We try so hard to be strong…

What is it about loss that makes us feel like we have to heal quickly and begin again?

Really.  It’s expected of us to have our moment of sorrow and I’m not talking a ‘moment’, I’m talking many moments that take a long time, but I mean our family and friends think we’ll ‘get through it’ and move on to life in the ‘normal’ lane.

So my ‘normal’ lane has taken longer than I expected, or actually longer than my inner circle had expected.  I didn’t have a clue how long it would take to find my lane.  A group of women I know who have gone through loss from cancer have also found their lane at different times.

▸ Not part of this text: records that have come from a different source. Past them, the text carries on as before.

(* Let $\mathcal P$ and $\mathcal U$ be a Preisach operator and its potential operator satisfying the assumptions in the context, so that $q\frac{d}{dt}\mathcal P[q]-\frac{d}{dt}\mathcal U[q]\ge0$ a.e. for all $q\in W^{1,1}(0,T)$. Let $c>0$, $\kappa>0$, $e\in\mathbb R$ be constants and $f\in C^1(\mathbb R)$ with $f>0$ and $f'$ bounded on bounded sets. For $\varepsilon,E\in W^{1,1}(0,T)$ set $q=E/f(\varepsilon)$ and $$\sigma=c\varepsilon-eE+f'(\varepsilon)\,\mathcal U[q],\qquad D=e\varepsilon+\kappa E+\mathcal P[q],\qquad F=\tfrac c2\varepsilon^2+\tfrac\kappa2E^2+f(\varepsilon)\,\mathcal U[q].$$ Then $$\dot\varepsilon\,\sigma+\dot D\,E-\dot F\ge0\quad\text{a.e. in }(0,T).$$
   Context: Play operator: for $r>0$ and $q\in W^{1,1}(0,T)$, $\xi_r=\xi_r[q]$ solves $|q-\xi_r|\le r$, $\dot\xi_r(q-\xi_r-rz)\ge0$ a.e. for all $|z|\le1$, $\xi_r(0)=\max\{q(0)-r,\min\{0,q(0)+r\}\}$. Preisach operator $\mathcal P[q](t)=\int_0^\infty g(r,\xi_r[q](t))\,dr$ with $g(r,0)=0$, $0\le\partial_vg(r,v)\le\mu(r)$, $\mu\in L^1(0,\infty)$, $|v|\partial_vg(r,v)\le\mu_1(r)$ with $\mu_1\in L^1(0,\infty)$; potential $\mathcal U[q](t)=\int_0^\infty G(r,\xi_r[q](t))\,dr$, $G(r,v)=\int_0^v v'\partial_vg(r,v')\,dv'$. *)

From Stdlib Require Import Reals Lra List.
Import ListNotations.
Open Scope R_scope.

(** * Henstock–Kurzweil (gauge) integral on a compact interval [a,b].
    A tagged partition of [lo,b] is a list of (tag, right endpoint) pairs. *)
Fixpoint fine_tagged_partition (delta : R -> R) (lo b : R) (P : list (R * R)) : Prop :=
  match P with
  | [] => lo = b
  | (t, c) :: P' =>
      lo < c /\ lo <= t <= c /\ t - delta t < lo /\ c < t + delta t /\
      fine_tagged_partition delta c b P'
  end.

Fixpoint riemann_sum (f : R -> R) (lo : R) (P : list (R * R)) : R :=
  match P with
  | [] => 0
  | (t, c) :: P' => f t * (c - lo) + riemann_sum f c P'
  end.

Definition HK_integral (f : R -> R) (a b I : R) : Prop :=
  a <= b /\
  forall eps, 0 < eps ->
    exists delta : R -> R, (forall x, 0 < delta x) /\
      forall P, fine_tagged_partition delta a b P ->
        Rabs (riemann_sum f a P - I) < eps.

Definition HK_oriented (f : R -> R) (a b I : R) : Prop :=
  (a <= b /\ HK_integral f a b I) \/ (b < a /\ HK_integral f b a (- I)).

(** Improper integral \int_0^\infty h(r) dr = I (Hake: HK on [0,oo)). *)
Definition improper_integral_0_inf (h : R -> R) (I : R) : Prop :=
  (forall Rr, 0 < Rr -> exists J, HK_integral h 0 Rr J) /\
  forall eps, 0 < eps -> exists M, forall Rr J,
      M < Rr -> HK_integral h 0 Rr J -> Rabs (J - I) < eps.

Definition improper_integrable_0_inf (h : R -> R) : Prop :=
  exists I, improper_integral_0_inf h I.

(** L^1(0,oo): h and |h| both (HK-)integrable, i.e. Lebesgue integrable. *)
Definition L1_0_inf (h : R -> R) : Prop :=
  improper_integrable_0_inf h /\ improper_integrable_0_inf (fun r => Rabs (h r)).

Definition null_set (N : R -> Prop) : Prop :=
  forall eps, 0 < eps ->
    exists a b : nat -> R,
      (forall n, a n <= b n) /\
      (forall x, N x -> exists n, a n < x < b n) /\
      (forall n, sum_f_R0 (fun k => b k - a k) n < eps).

Definition ae_on (T : R) (P : R -> Prop) : Prop :=
  exists N, null_set N /\ forall t, 0 < t < T -> ~ N t -> P t.

(** * W^{1,1}(0,T) = absolutely continuous functions on [0,T]. *)
Fixpoint nonoverlapping (lo hi : R) (l : list (R * R)) : Prop :=
  match l with
  | [] => lo <= hi
  | (a, b) :: l' => lo <= a /\ a <= b /\ nonoverlapping b hi l'
  end.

Wednesday is the 6th anniversary of the death of a very dear friend.  Leukemia and its side effects took his life.  He left behind a great wife and two great kids.  Each of them has found their lane in such different ways.

The daughter carries the loss of her Dad buried  in her heart.  She and her Dad were like two peas in a pod. I think she was so deeply wounded by his death that she rarely shares her thoughts about him.  She’s used the years since his passing to grow into a beautiful young woman who is strong with opinions that only young college kids can get away with, but look closely behind that strength and you’ll see someone still bruised and needing that Dad who left too soon.  Her lane is still slightly blocked.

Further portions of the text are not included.